Александр Гамильтон родился 11 января 1757 года. Его мать умерла в его раннем детстве, что стало более чем серьезной потерей, ибо она была выдающейся женщиной. Он был единственным из ее детей, кто пережил ее. Его отец вскоре обеднел, и ребенок зависел от родственников матери в плане содержания и образования. Они жили на Санта-Крус, где он и воспитывался. Незадолго до завершения своего тринадцатого года он поступил в контору мистера Крюгера, купца с Санта-Крус. Несмотря на юный возраст, работодатель оставил его за главного в своих делах, пока сам совершал визит в Нью-Йорк, и имел все основания быть довольным этим решением. Он читал все книги, которые мог достать, и читал их с пониманием. Даже в столь раннем возрасте он был примечателен мужественностью своего ума. Он также писал; и отчет об урагане 1772 года, который он предоставил в общественный журнал, привлек столько внимания, что его разыскали, и было решено отправить его в Нью-Йорк для получения регулярного образования. Он покинул Санта-Крус и отплыл в Бостон, в порт которого прибыл в октябре 1772 года. Направившись в Нью-Йорк, он был отправлен в школу в Элизабеттауне, штат Нью-Джерси; а в 1773 году поступил в Королевский колледж в городе Нью-Йорке, где с выдающимся успехом продолжил обучение. Но происходили события, которые должны были поместить его в совсем иную школу, чем та, в которой он готовился стать врачом. Ему предстояло стать врачом государства, и для этой цели он был брошен среди людей и назначен выполнять работу людей высочайшего интеллекта в возрасте, когда большинство людей еще не завершили и половины обычного обучения, которое должно подготовить их к началу обычной рутины обычной жизни.

Связь Гамильтона с историей своей страны, как одного из тех, кто создавал для нее материал, началась в возрасте семнадцати лет. Американская революция неуклонно двигалась вперед, когда он прибыл в Нью-Йорк, и к лету 1774 года она приняла большие масштабы. Он впервые выступил на «Великом собрании в полях» 6 июля и поразил тех, кто его слышал, пылкостью своего красноречия и точностью своей логики. Его слава берет начало с того дня. Он встал на сторону жителей своего нового дома с того момента, как оказался среди них, и никогда не испытывал сомнений или колебаний относительно курса, который долг требовал от него принять и преследовать. Как писатель он был даже более успешен, чем как оратор. Брошюра, которую он написал в декабре 1774 года, защищая Континентальный конгресс, привлекла большое внимание, и ее, как и другую из-под его пера, приписывали ветеранам-вигам, в частности Джону Джею; но доказательства авторства Гамильтона совершенны, иначе мы могли бы согласиться с тори и поверить, что столь способные работы не могли быть написаны юношей восемнадцати лет. Впоследствии появились другие его сочинения, которые были весьма полезны патриотам. Несмотря на юный возраст, он уже рассматривался страной как один из ее передовых защитников с пером в руках. Приближалось время, когда должно было стать известно, что держатель пера может также держать меч, и держать его с эффективной целью.

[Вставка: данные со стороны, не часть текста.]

Lemma dotDl m (u v w : 'rV[R]_m) : dot (u + v) w = dot u w + dot v w.
Proof. by rewrite /dot -big_split; apply: eq_bigr => i _; rewrite mxE mulrDl. Qed.

Lemma dotZl m k (u w : 'rV[R]_m) : dot (k *: u) w = k * dot u w.
Proof. by rewrite /dot mulr_sumr; apply: eq_bigr => i _; rewrite mxE mulrA. Qed.

Lemma dotNl m (u w : 'rV[R]_m) : dot (- u) w = - dot u w.
Proof. by rewrite -scaleN1r dotZl mulN1r. Qed.

Lemma dotDr m (u v w : 'rV[R]_m) : dot w (u + v) = dot w u + dot w v.
Proof. by rewrite dotC dotDl !(dotC w). Qed.

Lemma dotZr m k (u w : 'rV[R]_m) : dot w (k *: u) = k * dot w u.
Proof. by rewrite dotC dotZl dotC. Qed.

Lemma dotNr m (u w : 'rV[R]_m) : dot w (- u) = - dot w u.
Proof. by rewrite dotC dotNl dotC. Qed.

Lemma dot0l m (w : 'rV[R]_m) : dot 0 w = 0.
Proof. by rewrite -(scale0r (0 : 'rV[R]_m)) dotZl mul0r. Qed.

Lemma dot0r m (w : 'rV[R]_m) : dot w 0 = 0.
Proof. by rewrite dotC dot0l. Qed.

Lemma dot_delta m (p : 'I_m) (v : 'rV[R]_m) : dot (delta_mx 0 p) v = v 0 p.
Proof.
rewrite /dot (bigD1 p) //= big1 ?addr0 => [|i /negbTE Hi]; rewrite mxE.
  by rewrite !eqxx mul1r.
by rewrite Hi andbF mul0r.
Qed.

Lemma dot_ge0 m (u : 'rV[R]_m) : 0 <= dot u u.
Proof. by apply: sumr_ge0 => i _; rewrite -expr2 sqr_ge0. Qed.

Lemma dot_eq0 m (u : 'rV[R]_m) : dot u u = 0 -> u = 0.
Proof.
move=> /eqP; rewrite psumr_eq0 => [/allP u0|i _]; last by rewrite -expr2 sqr_ge0.
apply/rowP => i; rewrite mxE; apply/eqP.
by rewrite -sqrf_eq0 expr2 (implyP (u0 i _)) // mem_index_enum.
Qed.

End InnerProduct.

Section Norms.
Variables (R : rcfType) (m : nat).
Implicit Types u v : 'rV[R]_m.

Lemma norm1_ge0 u : 0 <= norm1 u.
Proof. exact: sumr_ge0. Qed.

Lemma norm1D u v : norm1 (u + v) <= norm1 u + norm1 v.
Proof. by rewrite /norm1 -big_split; apply: ler_sum => i _; rewrite mxE ler_normD. Qed.

Lemma norm1Z k u : norm1 (k *: u) = `|k| * norm1 u.
Proof. by rewrite /norm1 mulr_sumr; apply: eq_bigr => i _; rewrite mxE normrM. Qed.

Lemma norm1N u : norm1 (- u) = norm1 u.
Proof. by rewrite -scaleN1r norm1Z normrN1 mul1r. Qed.

Lemma norm1_eq0 u : norm1 u = 0 -> u = 0.
Proof.
move=> /eqP; rewrite psumr_eq0 // => /allP u0; apply/rowP => i; rewrite mxE.
by apply/eqP; rewrite -normr_eq0 (implyP (u0 i _)) // mem_index_enum.
Qed.

Lemma norm1_delta (p : 'I_m) : norm1 (delta_mx 0 p : 'rV[R]_m) = 1.
Proof.
rewrite /norm1 (bigD1 p) //= big1 ?addr0 => [|i /negbTE Hi]; rewrite mxE.
  by rewrite !eqxx normr1.
by rewrite Hi andbF normr0.
Qed.

Lemma norminf_ge0 u : 0 <= norminf u.
Proof. exact: bigmax_ge_id. Qed.

Lemma ler_norminf u i : `|u 0 i| <= norminf u.
Proof. exact: le_bigmax. Qed.

Lemma norminf_le u M : 0 <= M -> (forall i, `|u 0 i| <= M) -> norminf u <= M.
Proof. by move=> M0 uM; apply: bigmax_le. Qed.

Lemma norminfD u v : norminf (u + v) <= norminf u + norminf v.
Proof.
apply: norminf_le => [|i]; first by rewrite addr_ge0 ?norminf_ge0.
by rewrite mxE (le_trans (ler_normD _ _)) // lerD ?ler_norminf.
Qed.

Lemma norminfZ k u : norminf (k *: u) <= `|k| * norminf u.
Proof.
apply: norminf_le => [|i]; first by rewrite mulr_ge0 ?norminf_ge0.
by rewrite mxE normrM ler_wpM2l ?ler_norminf.
Qed.

Lemma norminf_eq0 u : norminf u = 0 -> u = 0.
Proof.
move=> u0; apply/rowP => i; rewrite mxE; apply/eqP.
by rewrite -normr_le0 -u0 ler_norminf.
Qed.

Lemma norminf0 : norminf (0 : 'rV[R]_m) = 0.
Proof.
apply/le_anti; rewrite norminf_ge0 andbT.
by apply: norminf_le => // i; rewrite mxE normr0.
Qed.

Lemma dot_le_norm1_norminf u v : dot u v <= norm1 u * norminf v.
Proof.
rewrite /dot /norm1 mulr_suml; apply: ler_sum => i _.
by rewrite (le_trans (ler_norm _)) // normrM ler_wpM2l ?ler_norminf.
Qed.

Lemma norm1_move_mass u (j k : 'I_m) (t : R) : 0 <= t <= u 0 j ->
  norm1 (u + t *: ('e_k - 'e_j)) <= norm1 u.
Proof.
move=> /andP[t0 tu].
have split_j : norm1 (u - t *: 'e_j) + t = norm1 u.
  rewrite /norm1 (bigD1 j) //= [in RHS](bigD1 j) //= !mxE !eqxx mulr1.
  rewrite (eq_bigr (fun l => `|u 0 l|)) => [|l /negbTE jl]; last first.
    by rewrite !mxE jl andbF mulr0 subr0.
  by rewrite !ger0_norm ?subr_ge0 ?(le_trans t0 tu) //; ring.
have -> : u + t *: ('e_k - 'e_j) = (u - t *: 'e_j) + t *: 'e_k.
  by rewrite scalerBr addrA addrAC.
by rewrite -split_j (le_trans (norm1D _ _)) // norm1Z norm1_delta mulr1 ger0_norm.
Qed.

Lemma norm2N u : norm2 (- u) = norm2 u.
Proof. by rewrite /norm2 dotNl dotNr opprK. Qed.

Lemma norm2_subZ_lt (b e : 'rV[R]_m) (t : R) : 0 < t -> t * dot e e < 2 * dot b e ->
  norm2 (b - t *: e) < norm2 b.
Proof.
move=> t0 small.
have expand : dot (b - t *: e) (b - t *: e) = dot b b - t * (2 * dot b e - t * dot e e).
  by rewrite !(dotDl, dotDr, dotNl, dotNr, dotZl, dotZr) (dotC e b); ring.
have lt : dot (b - t *: e) (b - t *: e) < dot b b.
  by rewrite expand ltrBlDr ltrDl mulr_gt0 // subr_gt0.
by rewrite /norm2 ltr_sqrt ?(le_lt_trans (dot_ge0 _) lt).
Qed.

End Norms.

Section NeumannLaplacian.
Variable R : realFieldType.
Implicit Types w : nat -> R.

(* [lapN w N k] is the [k]-th entry of [D^* D w] for [w] on [0..N] (see [Dstar_Dop_row]): the
   Laplacian of the path [0..N] with Neumann boundary conditions. *)
Definition lapN w (N k : nat) : R :=
  (if k is k'.+1 then w k - w k' else 0) - (if (k < N)%N then w k.+1 - w k else 0).

Lemma lapN_const (c : R) N k : lapN (fun=> c) N k = 0.
Proof. by rewrite /lapN; case: k => [|k]; case: ifP; rewrite !subrr. Qed.

Lemma lapN_opp w N k : lapN (fun i => - w i) N k = - lapN w N k.
Proof. by rewrite /lapN; case: k => [|k]; case: ifP => _; rewrite ?opprB; ring. Qed.

Lemma lapN_ge0 w N k :
  (k <= N)%N -> (forall i, (i <= N)%N -> w i <= w k) -> 0 <= lapN w N k.
Proof.
move=> kN wk; rewrite /lapN subr_ge0.
have tail : (if (k < N)%N then w k.+1 - w k else 0) <= 0.
  by case: ifP => // kN'; rewrite subr_le0 wk.
case: k kN wk tail => [|k] kN wk tail; first by [].
by rewrite (le_trans tail) // subr_ge0 wk // ltnW.
Qed.

Lemma lapN_le0 w N k :
  (k <= N)%N -> (forall i, (i <= N)%N -> w k <= w i) -> lapN w N k <= 0.
Proof.
move=> kN wk; rewrite -oppr_ge0 -lapN_opp lapN_ge0 // => i iN.
by rewrite lerN2 wk.
Qed.

Lemma lapN_eq w w' N k : (k < N)%N -> (forall i, (i <= k.+1)%N -> w' i = w i) ->
  lapN w' N.+1 k = lapN w N k.
Proof.
move=> kN ww; rewrite /lapN ltnS (ltnW kN) kN !ww // ?leqnSn //.
by case: k kN ww => [|k] kN ww //; rewrite ww // ltnW.
Qed.

Lemma lapN_affine w p (d : R) N k : (p < k)%N -> (k < N)%N ->
  lapN (fun i => if (i <= p)%N then w i else w p + (i - p)%:R * d) N k = 0.
Proof.
move=> pk kN; rewrite /lapN kN.
case: k pk kN => [|k] // pk kN; rewrite leqNgt pk ltnNge (ltnW pk) /=.
case: leqP => [kp|pk']; last by rewrite !natrB; try lia; ring.
have -> : k = p by apply/eqP; rewrite eqn_leq kp -ltnS.
by rewrite !natrB; try lia; ring.
Qed.

End NeumannLaplacian.

Section HarmonicExtension.
Variables (R : realFieldType) (E : nat -> bool) (s : nat -> R).
Hypothesis s_bound : forall k, `|s k| <= 1.

Definition harmonic_ext N (w : nat -> R) :=
  [/\ forall k, (k <= N)%N -> `|w k| <= 1,
      forall k, (k <= N)%N -> E k -> w k = s k &
      forall k, (k <= N)%N -> ~~ E k -> lapN w N k = 0].

Lemma harmonic_ext_first N : (forall k, (k < N)%N -> ~~ E k) -> E N ->
  harmonic_ext N (fun=> s N).
Proof.
move=> noE EN; split=> // [k kN Ek|k _ _]; last exact: lapN_const.
suff -> : k = N by [].
by apply/eqP; rewrite eqn_leq kN leqNgt; apply: contraTN Ek; apply: noE.
Qed.

Lemma harmonic_ext_const N w : harmonic_ext N w -> ~~ E N.+1 ->
  harmonic_ext N.+1 (fun k => w (minn k N)).
Proof.
move=> [wb wE wlap] nEN; split=> k kN.
- exact: wb (geq_minr k N).
- move=> Ek; have kN' : (k <= N)%N.
    by move: kN; rewrite leq_eqVlt => /predU1P[kN1|//]; move: nEN; rewrite -kN1 Ek.
  by rewrite (minn_idPl kN') wE.
move=> nEk; have [kltN|NltK|kN'] := ltngtP k N.
- rewrite (lapN_eq (w := w)) ?wlap ?(ltnW kltN) // => i ik.
  by rewrite (minn_idPl _) // (leq_trans ik).
- have -> : k = N.+1 by apply/eqP; rewrite eqn_leq kN.
  by rewrite /lapN ltnn minnn (minn_idPr (leqnSn N)) !subrr.
subst k; have := wlap N (leqnn N) nEk.
rewrite /lapN ltnn ltnSn minnn (minn_idPr (leqnSn N)) !subrr !subr0 => <-.
by case: N {wb wE wlap nEN kN nEk} => [|N] //; rewrite (minn_idPl (leqnSn N)).
Qed.

Lemma harmonic_ext_affine N w p : harmonic_ext N w -> (p <= N)%N -> E p ->
  (forall q, (p < q)%N -> (q <= N)%N -> ~~ E q) -> E N.+1 ->
  harmonic_ext N.+1 (fun i => if (i <= p)%N then w i
                              else w p + (i - p)%:R * ((s N.+1 - w p) / (N.+1 - p)%:R)).
Proof.
move=> [wb wE wlap] pN Ep pmax EN; set d := (s N.+1 - w p) / _.
have Np_gt0 : (0 : R) < (N.+1 - p)%:R by rewrite ltr0n subn_gt0 ltnS.
split=> k kN.
- case: leqP => [kp|pk]; first exact: wb (leq_trans kp pN).
  pose t : R := (k - p)%:R / (N.+1 - p)%:R.
  have t01 : 0 <= t <= 1.
    by rewrite divr_ge0 ?ler0n ?ler_pdivrMr // mul1r ler_nat leq_sub2r.
  have -> : w p + (k - p)%:R * d = (1 - t) * w p + t * s N.+1.
    by rewrite /d /t; field; rewrite gt_eqF.
  move: (wb p pN) (s_bound N.+1) t01; rewrite !ler_norml.
  by move=> /andP[? ?] /andP[? ?] /andP[? ?]; apply/andP; split; nra.
- move=> Ek; case: leqP => [kp|pk]; first exact: wE (leq_trans kp pN) Ek.
  have -> : k = N.+1.
    by apply/eqP; rewrite eqn_leq kN leqNgt; apply: contraTN Ek; apply: pmax pk.
  by rewrite /d mulrC divfK ?gt_eqF // addrC subrK.
move=> nEk; have [kp|pk|kp] := ltngtP k p.
- have kN' : (k < N)%N := leq_trans kp pN.
  rewrite (lapN_eq (w := w)) ?wlap ?(ltnW kN') // => i ik.
  by rewrite (leq_trans ik kp).
- apply: lapN_affine pk _; rewrite ltn_neqAle kN andbT.
  by apply: contraNneq nEk => ->.
- by rewrite kp Ep in nEk.
Qed.

Lemma harmonic_extension N : (exists2 k, (k <= N)%N & E k) ->
  exists w, harmonic_ext N w.
Proof.
elim: N => [|N IH] [k kN Ek].
  by exists (fun=> s 0); apply: harmonic_ext_first; move: kN Ek; rewrite leqn0 => /eqP->.
have [/existsP[q Eq]|/existsPn noE] := boolP [exists q : 'I_N.+1, E q]; last first.
  have lastE : forall j, (j < N.+1)%N -> ~~ E j by move=> j jN; apply: (noE (Ordinal jN)).
  exists (fun=> s N.+1); apply: harmonic_ext_first => //.
  by move: kN; rewrite leq_eqVlt => /predU1P[<- //|/lastE]; rewrite Ek.
have [w wP] := IH (ex_intro2 _ _ (val q) (ltn_ord q) Eq).
have [EN|nEN] := boolP (E N.+1); last by exists (fun k => w (minn k N)); apply: harmonic_ext_const.
have exP : exists i, (i <= N)%N && E i by exists q; rewrite Eq -ltnS ltn_ord.
have ubP : forall i, (i <= N)%N && E i -> (i <= N)%N by move=> i /andP[].
have [p /andP[pN Ep] pmax] := ex_maxnP exP ubP.
eexists; apply: (harmonic_ext_affine wP pN Ep _ EN) => j pj jN.
by apply/negP => Ej; have := pmax j; rewrite jN Ej leqNgt pj => /(_ isT).
Qed.

End HarmonicExtension.

Section DifferenceOperators.
Variable R : rcfType.

(* Entries of a row vector indexed by [nat], with the junk value 0 past the end. *)
Definition coordn m (v : 'rV[R]_m) (k : nat) : R :=
  if insub k is Some i then v 0 i else 0.

Lemma coordnE m (v : 'rV[R]_m) (i : 'I_m) : coordn v i = v 0 i.
Proof. by rewrite /coordn valK. Qed.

Он вступил в добровольческий корпус, еще будучи в колледже, и был впереди во всех его делах. Впервые он оказался под огнем, когда этот корпус был занят снятием пушек с Батареи. По нему был открыт огонь с военного корабля, нанесший некоторый ущерб. Это был первый акт войны в Нью-Йорке, и интересно знать, что Гамильтон принимал в нем участие. В последовавшем смятении он был ревностен в своих усилиях предотвратить торжество толпы, и не менее ревностен, чем успешен. С самого начала своей карьеры он никогда не думал о свободе иначе, как о ближайшем соратнике закона. Усердно посвящая себя изучению военного искусства, и в частности артиллерийского дела, он попросил командование артиллерийской ротой и получил его после тщательного экзамена, став капитаном 14 марта 1776 года, когда ему было всего два месяца сверх девятнадцати лет. Он укомплектовал свою роту и потратил последние деньги, полученные от родственников, на то, чтобы сделать ее пригодной для поля боя. Даже в то время он выступал за продвижение по службе из рядовых и добился того, чтобы его первый сержант стал офицером: факт, достойный упоминания, если вспомнить, что его враги всегда представляли его аристократом, хотя нет ничего менее аристократического, чем вложение меча командования в руки людей, которые носили мушкет. Выполняя свои военные обязанности, он не пренебрегал изучением политики; и его заметки показывают, что еще до Декларации независимости он продумал план правительства для нации, которая так скоро должна была появиться на свет. Среди них есть такой запрос: «Вопрос: не было бы целесообразно позволить собирать все налоги, даже те, что наложены штатами, лицам, назначенным Конгрессом? и не было бы целесообразно платить сборщикам определенный процент от собранных сумм?» Это, как говорит его сын, «интуитивная идея общего правительства, действительно такового, которую он впервые предложил Конгрессу и горячо отстаивал». Ему было двадцать лет, когда он показал себя способным понять природу ситуации и потребности страны. Вероятно, никто другой не зашел так далеко в то время, и людям потребовались годы, чтобы достичь той точки, до которой Гамильтон дошел интуитивно. Для них это был вывод, достигнутый через горький опыт. Урок не был полностью усвоен даже к этому времени.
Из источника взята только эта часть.